TASK TO CARRY OUT:
Nothing outside the range below should be printed. Output exactly the lines from the line with "Section Restrictions." to the line with "by move: (Eu w);", both included.

DATA SUPPLIED:

(* Let $G$ be a $k$-colorable chordal graph, let $T$ be a clique of $G$ with $k-1\le|T|$, and let $v\in T$. If $\mathcal{C}^c_k(G,T)$ is a $(k-1,k)$-color-complete graph, then $\mathcal{C}^c_k(G,T\setminus\{v\})$ is a $(k-2,k)$-color-complete graph. If $\mathcal{C}^c_k(G,T)$ is a forest that satisfies the injective neighborhood property, then $\mathcal{C}^c_k(G,T\setminus\{v\})$ is a forest that satisfies the injective neighborhood property.
   Context: A chordal graph has no induced cycle of length $>3$. A $k$-coloring of $G$ is a map $\alpha:V(G)\to\{1,\dots,k\}$ with $\alpha(u)\ne\alpha(w)$ for all edges $uw$. $\mathcal{C}_k(G)$ has the $k$-colorings as nodes, adjacent iff they differ on exactly one vertex. For $T\subseteq V(G)$, label each coloring $\gamma$ by $\gamma|_T$. A label component is a maximal set of colorings with the same label inducing a connected subgraph of $\mathcal{C}_k(G)$. The contracted solution graph $\mathcal{C}^c_k(G,T)=(H,\ell)$ has one node $x$ per label component $S_x$, distinct $x,y$ adjacent iff some $\gamma\in S_x,\gamma'\in S_y$ are adjacent in $\mathcal{C}_k(G)$, and $\ell(x)$ the common label on $S_x$. For $1\le m\le k$, a labeled graph $(H,\ell)$ is $(m,k)$-color-complete if there is a set $T$ with $|T|=m$ such that every label is a $k$-coloring of the complete graph on $T$, every such $k$-coloring is the label of exactly one node, and two nodes are adjacent iff their labels differ on exactly one element of $T$. $(H,\ell)$ satisfies the injective neighborhood property if any two distinct neighbors of any node have distinct labels. *)

From mathcomp Require Import all_boot.
Set Implicit Arguments. Unset Strict Implicit. Unset Printing Implicit Defensive.

Section Defs.
Variable V : finType.
Variable e : rel V.   (* the graph G: e is assumed symmetric and irreflexive *)

Definition induced_cycle (n : nat) (c : 'I_n -> V) : Prop :=
  injective c /\
  forall i j : 'I_n,
    e (c i) (c j) = (val j == (val i).+1 %% n) || (val i == (val j).+1 %% n).

Definition chordal : Prop :=
  forall (n : nat) (c : 'I_n -> V), 3 < n -> ~ induced_cycle c.

Definition clique (T : {set V}) : Prop :=
  forall u w, u \in T -> w \in T -> u != w -> e u w.

(* k-colorings are maps V -> 'I_k (colors {1..k} encoded as 0..k-1) *)
Definition is_coloring (k : nat) (g : {ffun V -> 'I_k}) : Prop :=
  forall u w, e u w -> g u != g w.

Definition k_colorable (k : nat) : Prop := exists g : {ffun V -> 'I_k}, is_coloring g.

Definition recol_adj (k : nat) (g g' : {ffun V -> 'I_k}) : bool :=
  #|[set x | g x != g' x]| == 1.

(* label of a coloring: its restriction to T, encoded as a partial map *)
Definition restr (k : nat) (T : {set V}) (g : {ffun V -> 'I_k})
  : {ffun V -> option 'I_k} :=
  [ffun u => if u \in T then Some (g u) else None].

Definition same_label_connected (k : nat) (T : {set V})
  (S : {set {ffun V -> 'I_k}}) : Prop :=
  S != set0 /\
  (forall g, g \in S -> is_coloring g) /\
  (forall g g', g \in S -> g' \in S -> restr T g = restr T g') /\
  (forall g g', g \in S -> g' \in S ->
     connect [rel a b | [&& a \in S, b \in S & recol_adj a b]] g g').

Definition label_component (k : nat) (T : {set V})
  (S : {set {ffun V -> 'I_k}}) : Prop :=
  same_label_connected T S /\
  forall S', same_label_connected T S' -> S \subset S' -> S' = S.

(* The contracted solution graph C^c_k(G,T) = (H, l):
   nodes are the label components, *)
Definition csg_node (k : nat) (T : {set V}) (S : {set {ffun V -> 'I_k}}) : Prop :=
  label_component T S.

Definition csg_adj (k : nat) (S S' : {set {ffun V -> 'I_k}}) : Prop :=
  S != S' /\ exists g g', [/\ g \in S, g' \in S' & recol_adj g g'].

Definition csg_lab (k : nat) (T : {set V}) (S : {set {ffun V -> 'I_k}})
  : {ffun V -> option 'I_k} :=
  match [pick g in S] with
  | Some g => restr T g
  | None => [ffun => None]
  end.

Section Labeled.
Variables (N : Type) (node : N -> Prop) (adj : N -> N -> Prop).
Variable k : nat.
Variable lab : N -> {ffun V -> option 'I_k}.

(* f is a k-coloring of the complete graph on T' (as a partial map with
   domain exactly T') *)
Definition clique_coloring (T' : {set V}) (f : {ffun V -> option 'I_k}) : Prop :=
  (forall u, (f u != None) = (u \in T')) /\
  (forall u w, u \in T' -> w \in T' -> u != w -> f u != f w).

Definition color_complete (m : nat) : Prop :=
  exists T' : {set V}, #|T'| = m /\
    (forall x, node x -> clique_coloring T' (lab x)) /\
    (forall f, clique_coloring T' f -> exists! x, node x /\ lab x = f) /\
    (forall x y, node x -> node y ->
       (adj x y <-> #|[set u in T' | lab x u != lab y u]| = 1)).

Definition forest : Prop :=
  forall (n : nat) (c : 'I_n -> N), 3 <= n -> injective c ->
    (forall i, node (c i)) ->
    ~ (forall i j : 'I_n, val j = (val i).+1 %% n -> adj (c i) (c j)).

Definition inj_nbhd : Prop :=
  forall x y z, node x -> node y -> node z -> adj x y -> adj x z -> y <> z ->
    lab y != lab z.
End Labeled.
End Defs.

(* Removing v from the clique T glues together label components of C_k(G,T)
   that differ only in the colour of v.  If |T| = k, the colours on T are all k
   colours, so no recolouring step changes them and C^c_k(G,T\{v}) has no edges.
   If |T| = k-1, the colours on T\{v} leave exactly two colours for v.  A
   labelling of T\{v} then extends to T with any free colour for v, and two
   components for T whose labels differ only at v are adjacent; this transfers
   colour-completeness.  Injectivity of neighbourhoods for T forces every
   component for T\{v} to consist of at most two components for T joined by an
   edge recolouring v, so a cycle, or two equally labelled neighbours, for
   T\{v} lifts to one for T. *)

From mathcomp Require Import all_boot zify.
Set Implicit Arguments. Unset Strict Implicit. Unset Printing Implicit Defensive.

Section Restrictions.
Variables (V : finType) (k : nat).
Implicit Types (X Y : {set V}) (a b : {ffun V -> 'I_k}).

Lemma recol_adj_sym : symmetric (@recol_adj V k).
Proof.
by move=> a b; rewrite /recol_adj; congr (_ == _); apply: eq_card => x; rewrite !inE eq_sym.
Qed.

Lemma recol_adj_diff a b :
  recol_adj a b -> exists u, a u != b u /\ forall w, w != u -> a w = b w.
Proof.
case/cards1P => u /setP Eu; exists u; split=> [|w]; first by move: (Eu u); rewrite !inE eqxx.
by move: (Eu w); rewrite !inE => Ew wu; apply/eqP; rewrite -[_ == _]negbK Ew wu.
Qed.

Lemma restr_eqP X a b :
  restr X a = restr X b <-> {in X, a =1 b}.
Proof.
split=> [/ffunP rab u uX | ab]; first by move: (rab u); rewrite !ffunE uX => -[].
by apply/ffunP => u; rewrite !ffunE; case: ifP => // /ab ->.
Qed.

Lemma restr_subset X Y a b : Y \subset X -> restr X a = restr X b -> restr Y a = restr Y b.
Proof. by move=> sYX /restr_eqP ab; apply/restr_eqP => u /(subsetP sYX); apply: ab. Qed.

Lemma restr_diff_set X a b :
  [set w in X | restr X a w != restr X b w] = [set w in X | a w != b w].
Proof. by apply/setP => w; rewrite !inE !ffunE; case: (w \in X). Qed.

Lemma recol_vertex_in X a b u :
  (forall w, w != u -> a w = b w) -> restr X a != restr X b -> u \in X.
Proof.
move=> ab; apply: contraNT => uX; apply/eqP/restr_eqP => w wX; apply: ab.
by apply: contraNneq uX => <-.
Qed.

End Restrictions.

Section LabelComponents.
Variables (V : finType) (e : rel V) (k : nat).
Local Notation col := {ffun V -> 'I_k}.
Implicit Types (X Y : {set V}) (a b g h : col) (S : {set col}).

Definition coloringb g : bool := [forall u, forall w, e u w ==> (g u != g w)].

Lemma coloringP g : reflect (is_coloring e g) (coloringb g).
Proof.
apply: (iffP forallP) => [cg u w euw | cg u]; first by move/forallP/(_ w): (cg u); rewrite euw.
by apply/forallP => w; apply/implyP; apply: cg.
Qed.

Definition label_step X : rel col :=
  fun a b => [&& coloringb a, coloringb b, restr X a == restr X b & recol_adj a b].

Local Notation label_conn X := (connect (label_step X)).

Definition label_comp X g : {set col} := [set h | label_conn X g h].

Lemma label_step_sym X : symmetric (label_step X).
Proof. by move=> a b; rewrite /label_step recol_adj_sym eq_sym; do 2 case: coloringb. Qed.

RESPONSE TO THIS TASK:
Section Restrictions.
Variables (V : finType) (k : nat).
Implicit Types (X Y : {set V}) (a b : {ffun V -> 'I_k}).

Lemma recol_adj_sym : symmetric (@recol_adj V k).
Proof.
by move=> a b; rewrite /recol_adj; congr (_ == _); apply: eq_card => x; rewrite !inE eq_sym.
Qed.

Lemma recol_adj_diff a b :
  recol_adj a b -> exists u, a u != b u /\ forall w, w != u -> a w = b w.
Proof.
case/cards1P => u /setP Eu; exists u; split=> [|w]; first by move: (Eu u); rewrite !inE eqxx.
by move: (Eu w); rewrite !inE => Ew wu; apply/eqP; rewrite -[_ == _]negbK Ew wu.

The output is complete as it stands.